Lemma sumL_lower_bound {A : Type} (f : A -> R) (c : R) (l : list A) :
  (forall x, In x l -> c <= f x) -> INR (length l) * c <= sumL f l.
Proof.
  induction l as [|x l IH]; intros Hf; [simpl; lra|].
  cbn [length sumL fold_right]; rewrite S_INR.
  assert (c <= f x) by (apply Hf; left; reflexivity).
  assert (INR (length l) * c <= sumL f l)
    by (apply IH; intros y Hy; apply Hf; right; exact Hy).
  unfold sumL in *; lra.
Qed.

Lemma sumL_incl {A : Type} (f : A -> R) (l L : list A) :
  (forall x, In x L -> 0 <= f x) -> NoDup l -> incl l L -> sumL f l <= sumL f L.
Proof.
  revert L; induction l as [|a l IH]; intros L Hf Hnd Hincl.
  - apply sumL_nonneg; exact Hf.
  - inversion Hnd as [|? ? Ha Hnd']; subst.
    destruct (in_split a L (Hincl a (or_introl eq_refl))) as [L1 [L2 ->]].
    assert (Hrest : sumL f l <= sumL f (L1 ++ L2)).
    { apply IH; [|exact Hnd'|].
      - intros x Hx; apply Hf, in_or_app.
        destruct (in_app_or _ _ _ Hx); [left | right; right]; assumption.
      - intros x Hx.
        destruct (in_app_or _ _ _ (Hincl x (or_intror Hx))) as [H|[H|H]].
        + apply in_or_app; left; exact H.
        + subst; contradiction.
        + apply in_or_app; right; exact H. }
    rewrite sumL_app in *; simpl; lra.
Qed.

Lemma sumL_seq_partial_sum (g : nat -> R) (n : nat) :
  sumL g (seq 1 (S n)) = sum_f_R0 (fun j => g (S j)) n.
Proof.
  induction n as [|n IH]; [simpl; lra|].
  rewrite seq_S, sumL_app, IH, tech5; simpl; lra.
Qed.

Lemma sumL_seq_eventual_le (f g : nat -> R) (M : nat) :
  (forall m, (1 <= m)%nat -> 0 <= f m) -> (forall m, 0 <= g m) ->
  (forall m, (M <= m)%nat -> f m <= g m) ->
  forall B, sumL f (seq 1 B) <= sumL f (seq 1 M) + sumL g (seq 1 B).
Proof.
  intros Hf Hg Hfg B.
  assert (Hpos : forall a n, 0 <= sumL f (seq (S a) n)).
  { intros a n; apply sumL_nonneg; intros m Hm; apply Hf; apply in_seq in Hm; lia. }
  induction B as [|B IH].
  - specialize (Hpos O M); simpl; lra.
  - assert (0 <= sumL g (seq 1 (S B))) by (apply sumL_nonneg; auto).
    destruct (Compare_dec.le_lt_dec M (S B)) as [Hle|Hlt].
    + rewrite !seq_S, !sumL_app; cbn [sumL fold_right plus].
      specialize (Hfg (S B) Hle); lra.
    + replace M with (S B + (M - S B))%nat by lia.
      rewrite seq_app, sumL_app; change (1 + S B)%nat with (S (S B)).
      specialize (Hpos (S B) (M - S B)%nat); lra.
Qed.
---------------
*What is needed*
Everything from the first line of the records above through the line containing "assert (c <= f" should be restated word for word; leave out all other lines.

*Answer space*
Lemma sumL_lower_bound {A : Type} (f : A -> R) (c : R) (l : list A) :
  (forall x, In x l -> c <= f x) -> INR (length l) * c <= sumL f l.
Proof.
  induction l as [|x l IH]; intros Hf; [simpl; lra|].
  cbn [length sumL fold_right]; rewrite S_INR.
  assert (c <= f x) by (apply Hf; left; reflexivity).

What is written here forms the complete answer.